By Peter Tormey
SPOKANE, Wash. – In the locker room after the Gonzaga Bulldogs’ third-round NCAA Tournament loss to Ohio State, senior center Robert Sacre fought the tears as he weaved and bobbed to avoid answering what he called “the question”:
“How does it feel to have played your last game as a Zag?”
Then, he relented.
“It’s sad. It’s sad, because you always think, ‘Ah, I can’t wait to be done with college, I can’t wait to be done with this.’ But when it actually gets here, it hits you like a wall. It’s sad, it’s frustrating, and it’s one of those things where you don’t want it to end, but when it’s here, it actually is heartbreaking.”
Sacre will be missed by all the Zags, from Coach Mark Few who called the 7-footer from Vancouver, B.C., a “once‑in‑a‑lifetime personality,” to junior guard David Stockton.
“You can’t replace Rob Sacre,” Stockton said after the No. 7 seed Zags fell to the 2 seed Buckeyes 73-66 on March 17 in Pittsburgh. “On and off the court, he’s been a great friend to everyone here and he will be there for anybody, no matter what.”
Earlier, Few called Sacre an important figure in Gonzaga’s program, which made its 14th consecutive NCAA Tournament appearance this year.
“He walks into our arena, I can hear from my office when he comes in, every person he meets I think feels like they’re a friend of his,” Few said. “He’s just been a joy to coach.”

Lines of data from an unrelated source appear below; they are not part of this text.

Theorem corollary3p4 (C : numClosedFieldType) (k d r : nat)
  (A0 A1 A2 : {mpoly C[3]}) :
  (2 <= k)%N ->
  is_foliation k d A0 A1 A2 ->
  saturated k A0 A1 A2 ->
  alg_mult A0 A1 r ->
  (G_riccati_and_E_invariant A1 A2 <-> r%:Z = d%:Z - k%:Z) /\
  (r%:Z = d%:Z - k%:Z -> has_invariant_line A0 A1 A2).
Proof.
move=> k2 [qh0 qh1 qh2 euler _] sat am.
have k_gt0 : (0 < k)%N by apply: leq_trans k2.
have rkd : r%:Z = d%:Z - k%:Z <-> (r + k)%N = d by split; lia.
have shape := alg_mult_x2deg_one k_gt0 qh0 qh1 am.
have ric_shape := riccati_E_invariant_x2deg_one k_gt0 qh1 qh2 euler.
have shape_ric := x2deg_one_riccati_E_invariant k_gt0 qh1 qh2 euler sat.
split; first by split=> [/ric_shape/shape.2/rkd.2 | /rkd.1/shape.1/shape_ric].
move=> /rkd.1 rk; have [le0 le1 _] := shape.1 rk.
apply: (x2deg0_invariant_line k_gt0 qh2 euler).
  by case: am => r_gt0 _ _; lia.
exact: x2deg_le_A2 k_gt0 euler le0 le1.
Qed.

Junior forward Elias Harris said Sacre the player – and the person – will be missed.
“We all know how great of a leader Rob is,” Harris said. “It doesn’t matter what time of the night you call. He would stand up and help you out. He helps the younger guys out. He helped me out.”
Before his final Gonzaga game, Sacre said he wanted to win most to keep playing with the team he loves.
“I just want to make this season go longer than it needs to be,” Sacre said. “I’m so proud to be with this team and I’m so proud to be with this great group of guys that I want it to go further.”
Sacre, who has already graduated, summed his time at Gonzaga, saying: “I’ve never had so much fun in my life.”
After Sacre’s last Gonzaga game, Few said this season was the most fun he has ever had coaching.
Was fun, then, key to the Zags’ success this season?
“Oh, most definitely,” Sacre said without hesitation. “It’s a game, that why we played it. If you just play basketball to have fun, that’s the most important thing.”
For all of the many honors and accolades throughout his basketball career, people remain most precious to Sacre, who hopes to continue playing hoops professionally.
“I have buddies who flew from all over the country to come and support us,” Sacre said, smiling in the Pittsburgh locker room. “They lived across the hall from me in DeSmet (Hall). I still keep in touch with all my buddies. I keep in touch with all my teammates. That’s the best thing about this program and the school.”